§ Exercise instructions: Scan the records for the word "configurations". Copy each line that includes it.

§ Given data:
========

(* Fix $J=(J_1,J_2)\in\mathbb{R}^2$ and let $S(J)=\{m\in\{1,2,3,4\}: U_m(J)=\min\{U_1(J),U_2(J),U_3(J),U_4(J)\}\}$ and $\mathcal{C}_{S(J)}=\bigcup_{m\in S(J)}\mathcal{C}_m$. Suppose that for every unit ball $b$, every configuration $\sigma_b$ on $b$ belonging to $\mathcal{C}_{S(J)}$ and every unit ball $b'$ neighbouring $b$, there exists exactly one configuration $\sigma'_{b'}$ on $b'$ belonging to $\mathcal{C}_{S(J)}$ that is compatible with $\sigma_b$. Then every ground state $a$ (equivalently, every periodic $a$ with $a_b\in\mathcal{C}_{S(J)}$ for all unit balls $b$) has period not exceeding 2.
   Context: $G_2$ is the free product of three cyclic groups of order two with generators $a_1,a_2,a_3$, identified with the vertex set $V$ of the Cayley tree of order 2 ($g,h$ adjacent iff $h=ga_i$ for some $i$); $d$ is the graph distance. A configuration $\sigma:V\to\{-1,1\}$ is periodic if there is a finite-index subgroup $G^*\subset G_2$ with $\sigma(gh)=\sigma(h)$ for all $g\in G^*,h\in G_2$; it has period not exceeding 2 if such a subgroup of index at most 2 exists. A unit ball is $b=\{y:d(x,y)\le1\}$ (center $x$ and three leaves); $a_b$ is the restriction to $b$. Two distinct unit balls are neighbours if they share an edge; configurations on neighbouring balls are compatible if they coincide on the endpoints of the common edge. A configuration on a unit ball belongs to $\mathcal{C}_1,\mathcal{C}_2,\mathcal{C}_4,\mathcal{C}_3$ according as exactly $3,2,1,0$ of its leaves carry the same value as its center. $U_1(J)=\tfrac32J_1+3J_2$, $U_2(J)=\tfrac12J_1-J_2$, $U_3(J)=-\tfrac32J_1+3J_2$, $U_4(J)=-\tfrac12J_1-J_2$ are the values on $\mathcal{C}_1,\dots,\mathcal{C}_4$ of the ball energy $U(\sigma_b)=\tfrac12J_1\sum_{\langle x,y\rangle:\,x,y\in b}\sigma(x)\sigma(y)+J_2\sum_{\{x,y\}\subset b:\,d(x,y)=2}\sigma(x)\sigma(y)$. A ground state is a periodic configuration $a$ with $U(a_b)=\min\{U_1(J),\dots,U_4(J)\}$ for every unit ball $b$. *)

From HB Require Import structures.
From mathcomp Require Import all_boot all_order all_algebra.
Set Implicit Arguments. Unset Strict Implicit. Unset Printing Implicit Defensive.
Import Order.TTheory GRing.Theory Num.Theory.

(* An element a_{i_1} a_{i_2} ... a_{i_n} (reduced: consecutive letters
   distinct) is stored as the REVERSED list [:: i_n; ...; i_1]. *)
Definition reduced (w : seq 'I_3) : bool := sorted (fun i j : 'I_3 => i != j) w.

Definition rmul_raw (w : seq 'I_3) (i : 'I_3) : seq 'I_3 :=
  if w is j :: w' then (if j == i then w' else i :: w) else [:: i].

Lemma rmul_raw_reduced w i : reduced w -> reduced (rmul_raw w i).
Proof.
case: w => [|j w'] //= Hw.
case: (j =P i) => [_|/eqP hne]; first exact: path_sorted Hw.
by rewrite /reduced /= eq_sym hne Hw.
Qed.

Record G2 := MkG2 { gword : seq 'I_3; gwordP : reduced gword }.
HB.instance Definition _ := [isSub for gword].
HB.instance Definition _ := [Equality of G2 by <:].

Definition rmul (g : G2) (i : 'I_3) : G2 :=
  MkG2 (rmul_raw_reduced i (gwordP g)).

Definition e2 : G2 := @MkG2 [::] isT.
Definition gen (i : 'I_3) : G2 := rmul e2 i.
Definition mul (g h : G2) : G2 := foldr (fun i acc => rmul acc i) g (gword h).
Definition inv (g : G2) : G2 := foldl (fun acc i => rmul acc i) e2 (gword g).

Definition adj (g h : G2) : Prop := exists i : 'I_3, h = mul g (gen i).

Definition inball (x y : G2) : Prop := y = x \/ exists i : 'I_3, y = mul x (gen i).

Definition neighbours (x y : G2) : Prop :=
  x <> y /\ exists u v, adj u v /\ inball x u /\ inball x v /\ inball y u /\ inball y v.

(* configurations: sigma : G2 -> bool, spin value +1 for true, -1 for false.
   A configuration on the ball at x is represented by any f : G2 -> bool,
   only its restriction to the ball mattering. *)
Definition spin {R : numDomainType} (b : bool) : R := if b then 1%R else (-1)%R.

Definition compatible (x : G2) (f : G2 -> bool) (y : G2) (f' : G2 -> bool) : Prop :=
  forall u v, adj u v -> inball x u -> inball x v -> inball y u -> inball y v ->
    f u = f' u /\ f v = f' v.

Definition nsame (x : G2) (f : G2 -> bool) : nat :=
  count (fun i : 'I_3 => f (mul x (gen i)) == f x) (enum 'I_3).

Definition inC (m : nat) (x : G2) (f : G2 -> bool) : Prop :=
  match m with
  | 1 => nsame x f = 3
  | 2 => nsame x f = 2
  | 3 => nsame x f = 0
  | 4 => nsame x f = 1
  | _ => False
  end.

Section Energy.
Variable R : realFieldType.
Local Open Scope ring_scope.

Definition Um (m : nat) (J1 J2 : R) : R :=
  match m with
  | 1 => 3 / 2 * J1 + 3 * J2
  | 2 => 1 / 2 * J1 - J2
  | 3 => - (3 / 2) * J1 + 3 * J2
  | _ => - (1 / 2) * J1 - J2
  end.

Definition Umin (J1 J2 : R) : R :=
  Num.min (Num.min (Um 1 J1 J2) (Um 2 J1 J2)) (Num.min (Um 3 J1 J2) (Um 4 J1 J2)).

Definition inCS (J1 J2 : R) (x : G2) (f : G2 -> bool) : Prop :=
  exists m, (1 <= m <= 4)%N /\ Um m J1 J2 = Umin J1 J2 /\ inC m x f.

(* ball energy: edges of the ball are {x, x a_i}; pairs at distance 2 in the
   ball are the pairs of distinct leaves {x a_i, x a_j}, i < j. *)
Definition Uball (J1 J2 : R) (x : G2) (f : G2 -> bool) : R :=
  1 / 2 * J1 * \sum_(i < 3) spin (f x) * spin (f (mul x (gen i)))
  + J2 * \sum_(i < 3) \sum_(j < 3 | (i < j)%N)
           spin (f (mul x (gen i))) * spin (f (mul x (gen j))).
End Energy.

Definition is_subgroup (H : G2 -> Prop) : Prop :=
  H e2 /\ (forall g h, H g -> H h -> H (mul g h)) /\ (forall g, H g -> H (inv g)).

Definition index_le (H : G2 -> Prop) (k : nat) : Prop :=
  exists reps : seq G2, (size reps <= k)%N /\
    forall g, exists2 r, r \in reps & exists h, H h /\ g = mul h r.

Definition invariant_under (H : G2 -> Prop) (sigma : G2 -> bool) : Prop :=
  forall g h, H g -> sigma (mul g h) = sigma h.

Definition periodic (sigma : G2 -> bool) : Prop :=
  exists H, is_subgroup H /\ (exists k, index_le H k) /\ invariant_under H sigma.

Definition period_le2 (sigma : G2 -> bool) : Prop :=
  exists H, is_subgroup H /\ index_le H 2 /\ invariant_under H sigma.

Definition ground_state {R : realFieldType} (J1 J2 : R) (a : G2 -> bool) : Prop :=
  periodic a /\ forall x, Uball J1 J2 x a = Umin J1 J2.

From Pilot Require Import Defs.
From mathcomp Require Import all_boot all_order all_algebra lra.
Set Implicit Arguments.
Unset Strict Implicit.
Unset Printing Implicit Defensive.

(* For C_2 (resp. C_4) there is a ball and an edge such that, on the
   neighbouring ball, the single leaf disagreeing (resp. agreeing) with the
   centre may sit at either of the two new leaves; so uniqueness of the
   continuation forces S(J) to avoid 2 and 4.  If every ball lies in C_1 or
   C_3, then, since adjacent centres are leaves of each other's balls, all
   balls have the same class: the configuration is constant or flips along
   every edge.  Either way it depends only on the parity of the word length,
   so it is invariant under the index-2 subgroup of even words. *)

Definition o0 : 'I_3 := @Ordinal 3 0 isT.
Definition o1 : 'I_3 := @Ordinal 3 1 isT.
Definition o2 : 'I_3 := @Ordinal 3 2 isT.

Lemma enum_ord3 : enum 'I_3 = [:: o0; o1; o2].
Proof. by apply: (inj_map val_inj); rewrite val_enum_ord. Qed.

Lemma ord3P (i : 'I_3) : [\/ i = o0, i = o1 | i = o2].
Proof.
by case: i => [[|[|[|n]]] Hi] //;
  [apply: Or31 | apply: Or32 | apply: Or33]; apply: val_inj.
Qed.

Lemma big_ord3 (V : nmodType) (F : 'I_3 -> V) :
  (\sum_(i < 3) F i = F o0 + (F o1 + (F o2 + 0)))%R.
Proof. by rewrite -big_enum enum_ord3 !big_cons big_nil. Qed.

Lemma mul_gen x i : Defs.mul x (gen i) = rmul x i.
Proof. by []. Qed.

Lemma rmulK i : involutive (rmul^~ i).
Proof.
case=> [[|j w] Hw]; apply: val_inj => /=; first by rewrite eqxx.
case: (j =P i) => [<-|/eqP ne] /=; last by rewrite eqxx.
by case: w Hw => [|k w] //= /andP [/negbTE]; rewrite eq_sym => ->.
Qed.

Lemma G2_ind (P : G2 -> Prop) :
  P e2 -> (forall g i, P g -> P (rmul g i)) -> forall g, P g.
Proof.
move=> P0 PS [w]; elim: w => [|i w IH] Hw.
  by have -> : MkG2 Hw = e2 by apply: val_inj.
have Hw' : reduced w := path_sorted Hw.
have -> : MkG2 Hw = rmul (MkG2 Hw') i.
  apply: val_inj => /=; case: w Hw {Hw' IH} => [|j w] //= /andP [/negbTE].
  by rewrite eq_sym => ->.
exact/PS/IH.
Qed.

Definition parity (g : G2) : bool := odd (size (gword g)).

Lemma parity_rmul g i : parity (rmul g i) = ~~ parity g.
Proof.
by rewrite /parity; case: g => [[|j w] Hw] //=; case: (j == i); rewrite //= negbK.
Qed.

Lemma parity_mul g h : parity (Defs.mul g h) = parity g (+) parity h.
Proof.
rewrite /Defs.mul {3}/parity.
elim: (gword h) => [|i s IH] /=; first by rewrite addbF.
by rewrite parity_rmul IH addbN.
Qed.

Lemma parity_inv g : parity (Defs.inv g) = parity g.
Proof.
rewrite /Defs.inv {2}/parity -[odd _]/(parity e2 (+) odd (size (gword g))).
elim: (gword g) e2 => [|i s IH] acc /=; first by rewrite addbF.
by rewrite IH parity_rmul addNb addbN.
Qed.

Lemma even_subgroup : is_subgroup (fun g => parity g = false).
Proof.
split=> //; split=> [g h pg ph|g pg]; first by rewrite parity_mul pg ph.
by rewrite parity_inv.
Qed.

Lemma even_subgroup_index2 : index_le (fun g => parity g = false) 2.
Proof.
exists [:: e2; gen o0]; split=> // g; case pg: (parity g).
  exists (gen o0); first by rewrite !inE eqxx orbT.
  by exists (rmul g o0); rewrite parity_rmul pg mul_gen rmulK.
by exists e2; rewrite ?inE ?eqxx //; exists g.
Qed.

Lemma period_le2_parity (a : G2 -> bool) :
  (forall g h, parity g = parity h -> a g = a h) -> period_le2 a.
Proof.
move=> a_par; exists (fun g => parity g = false).
split; first exact: even_subgroup; split; first exact: even_subgroup_index2.
by move=> g h pg; apply: a_par; rewrite parity_mul pg.
Qed.

Lemma rmul_xor_parity (a : G2 -> bool) c :
  (forall g i, a (rmul g i) = a g (+) c) -> forall g, a g = a e2 (+) c && parity g.
Proof.
move=> a_rmul; apply: G2_ind => [|g i IH]; first by rewrite andbF addbF.
rewrite a_rmul IH parity_rmul; clear a_rmul IH.
by case: c; case: (parity g); case: (a e2).
Qed.

Lemma inball_e2_gen i u : inball e2 u -> inball (gen i) u -> u = e2 \/ u = gen i.
Proof.
move=> u_e2 [->|[k u_k]]; first by right.
rewrite u_k mul_gen in u_e2 *.
case: (i =P k) => [<-|/eqP ne]; first by left; rewrite rmulK.
by case: u_e2 => [|[j]] /(congr1 (size \o gword)); rewrite /= (negbTE ne).
Qed.

Lemma compatible_e2_gen i f f' :
  f' e2 = f e2 -> f' (gen i) = f (gen i) -> compatible e2 f (gen i) f'.
Proof.
move=> f'e f'g u v _ u_e2 v_e2 u_g v_g.
by case: (inball_e2_gen u_e2 u_g) => ->; case: (inball_e2_gen v_e2 v_g) => ->.
Qed.

Lemma neighbours_e2_gen i : neighbours e2 (gen i).
Proof.
split; first by move/(congr1 gword).
exists e2, (gen i); split; first by exists i.
split; [by left | split; [by right; exists i | split; last by left]].
by right; exists i; rewrite mul_gen rmulK.
Qed.

Lemma nsame_le3 x f : (nsame x f <= 3)%N.
Proof. by rewrite /nsame -[X in (_ <= X)%N](size_enum_ord 3) count_size. Qed.

Lemma nsame3_rmul x f i : nsame x f = 3 -> f (rmul x i) = f x.
Proof.
rewrite /nsame enum_ord3 /= !mul_gen.
by case: (ord3P i) => ->; case: eqP; case: eqP; case: eqP.
Qed.

Lemma nsame0_rmul x f i : nsame x f = 0 -> f (rmul x i) = ~~ f x.
Proof.
move=> f0; suff: f (rmul x i) != f x by case: (f x); case: (f (rmul x i)).
move: f0; rewrite /nsame enum_ord3 /= !mul_gen.
by case: (ord3P i) => ->; case: eqP; case: eqP; case: eqP.
Qed.

Definition nsame_class (n : nat) : nat :=
  match n with 3 => 1 | 2 => 2 | 0 => 3 | _ => 4 end.

Lemma Uball_nsame_class (R : realFieldType) (J1 J2 : R) x f :
  Uball J1 J2 x f = Um (nsame_class (nsame x f)) J1 J2.
Proof.
rewrite /Uball /nsame enum_ord3 big_ord3.
under eq_bigr do rewrite big_mkcond big_ord3 /=.
rewrite big_ord3 /= !mul_gen.
by case: (f x); case: (f (rmul x o0)); case: (f (rmul x o1)); case: (f (rmul x o2));
  rewrite /= /spin /Um; lra.
Qed.

Section UniformClass.
Variable a : G2 -> bool.
Hypothesis nsame03 : forall x, nsame x a = 0 \/ nsame x a = 3.

Lemma nsame_rmul x i : nsame (rmul x i) a = nsame x a.
Proof.
case: (nsame03 x) => ax; case: (nsame03 (rmul x i)) => axi; rewrite ax axi //.
  by have := nsame3_rmul i axi; rewrite rmulK (nsame0_rmul i ax); case: (a x).
by have := nsame0_rmul i axi; rewrite rmulK (nsame3_rmul i ax); case: (a x).
Qed.

Lemma nsame_e2 x : nsame x a = nsame e2 a.
Proof. by elim/G2_ind: x => // g i; rewrite nsame_rmul. Qed.

Lemma a_rmul g i : a (rmul g i) = a g (+) (nsame e2 a == 0).
Proof.
have := nsame_e2 g; case: (nsame03 e2) => -> ag.
  by rewrite (nsame0_rmul i ag) addbT.
by rewrite (nsame3_rmul i ag) addbF.
Qed.

Lemma period_le2_nsame03 : period_le2 a.
Proof.
apply: period_le2_parity => g h pgh.
by rewrite (rmul_xor_parity a_rmul g) (rmul_xor_parity a_rmul h) pgh.
Qed.

End UniformClass.

Section UniqueExtension.
Variables (R : realFieldType) (J1 J2 : R).
Hypothesis unique_extension :
  forall (x : G2) (f : G2 -> bool), inCS J1 J2 x f ->
     forall y : G2, neighbours x y ->
       (exists f' : G2 -> bool, inCS J1 J2 y f' /\ compatible x f y f') /\
       (forall f1 f2 : G2 -> bool,
          inCS J1 J2 y f1 -> compatible x f y f1 ->
          inCS J1 J2 y f2 -> compatible x f y f2 ->
          forall v, inball y v -> f1 v = f2 v).

Lemma min_class_extension_unique m i (f f1 f2 : G2 -> bool) :
  (1 <= m <= 4)%N -> Um m J1 J2 = Umin J1 J2 ->
  inC m e2 f -> inC m (gen i) f1 -> inC m (gen i) f2 ->
  f1 e2 = f e2 -> f1 (gen i) = f (gen i) ->
  f2 e2 = f e2 -> f2 (gen i) = f (gen i) ->
  forall j, f1 (rmul (gen i) j) = f2 (rmul (gen i) j).
Proof.
move=> m14 Um_min Cf Cf1 Cf2 f1e f1g f2e f2g j.
have inCS_m g h : inC m g h -> inCS J1 J2 g h by exists m.
have [_ uniq] := unique_extension (inCS_m _ _ Cf) (neighbours_e2_gen i).
apply: (uniq _ _ (inCS_m _ _ Cf1) (compatible_e2_gen f1e f1g)
              (inCS_m _ _ Cf2) (compatible_e2_gen f2e f2g)).
by right; exists j.
Qed.

Lemma Um2_neq_Umin : Um 2 J1 J2 <> Umin J1 J2.
Proof.
move=> Um_min.
have := @min_class_extension_unique 2 o0 (fun g => gword g != [:: o2])
  (fun g => gword g != [:: o2; o0]) (fun g => gword g != [:: o1; o0]) isT Um_min.
by rewrite /inC /nsame enum_ord3 => /(_ erefl erefl erefl erefl erefl erefl erefl o1).
Qed.

Lemma Um4_neq_Umin : Um 4 J1 J2 <> Umin J1 J2.
Proof.
move=> Um_min.
have := @min_class_extension_unique 4 o1
  (fun g => (gword g == [::]) || (gword g == [:: o0]))
  (fun g => (gword g == [::]) || (gword g == [:: o0; o1]))
  (fun g => (gword g == [::]) || (gword g == [:: o2; o1])) isT Um_min.
by rewrite /inC /nsame enum_ord3 => /(_ erefl erefl erefl erefl erefl erefl erefl o0).
Qed.

Lemma ground_state_nsame03 a : ground_state J1 J2 a ->
  forall x, nsame x a = 0 \/ nsame x a = 3.
Proof.
move=> [_ ground] x; have := ground x; rewrite Uball_nsame_class.
case: (nsame x a) (nsame_le3 x a) => [|[|[|[|n]]]] //= _; first by left.
- by move/Um4_neq_Umin.
- by move/Um2_neq_Umin.
- by right.
Qed.

End UniqueExtension.

Theorem lemma5p2 (R : realFieldType) (J1 J2 : R) :
  (forall (x : G2) (f : G2 -> bool), inCS J1 J2 x f ->
     forall y : G2, neighbours x y ->
       (exists f' : G2 -> bool, inCS J1 J2 y f' /\ compatible x f y f') /\
       (forall f1 f2 : G2 -> bool,
          inCS J1 J2 y f1 -> compatible x f y f1 ->
          inCS J1 J2 y f2 -> compatible x f y f2 ->
          forall v, inball y v -> f1 v = f2 v)) ->
  forall a : G2 -> bool, ground_state J1 J2 a -> period_le2 a.
Proof.
move=> unique_extension a /(ground_state_nsame03 unique_extension) nsame03.
exact: period_le2_nsame03.
Qed.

========

§ Answer to the exercise:
   Context: $G_2$ is the free product of three cyclic groups of order two with generators $a_1,a_2,a_3$, identified with the vertex set $V$ of the Cayley tree of order 2 ($g,h$ adjacent iff $h=ga_i$ for some $i$); $d$ is the graph distance. A configuration $\sigma:V\to\{-1,1\}$ is periodic if there is a finite-index subgroup $G^*\subset G_2$ with $\sigma(gh)=\sigma(h)$ for all $g\in G^*,h\in G_2$; it has period not exceeding 2 if such a subgroup of index at most 2 exists. A unit ball is $b=\{y:d(x,y)\le1\}$ (center $x$ and three leaves); $a_b$ is the restriction to $b$. Two distinct unit balls are neighbours if they share an edge; configurations on neighbouring balls are compatible if they coincide on the endpoints of the common edge. A configuration on a unit ball belongs to $\mathcal{C}_1,\mathcal{C}_2,\mathcal{C}_4,\mathcal{C}_3$ according as exactly $3,2,1,0$ of its leaves carry the same value as its center. $U_1(J)=\tfrac32J_1+3J_2$, $U_2(J)=\tfrac12J_1-J_2$, $U_3(J)=-\tfrac32J_1+3J_2$, $U_4(J)=-\tfrac12J_1-J_2$ are the values on $\mathcal{C}_1,\dots,\mathcal{C}_4$ of the ball energy $U(\sigma_b)=\tfrac12J_1\sum_{\langle x,y\rangle:\,x,y\in b}\sigma(x)\sigma(y)+J_2\sum_{\{x,y\}\subset b:\,d(x,y)=2}\sigma(x)\sigma(y)$. A ground state is a periodic configuration $a$ with $U(a_b)=\min\{U_1(J),\dots,U_4(J)\}$ for every unit ball $b$. *)
(* configurations: sigma : G2 -> bool, spin value +1 for true, -1 for false.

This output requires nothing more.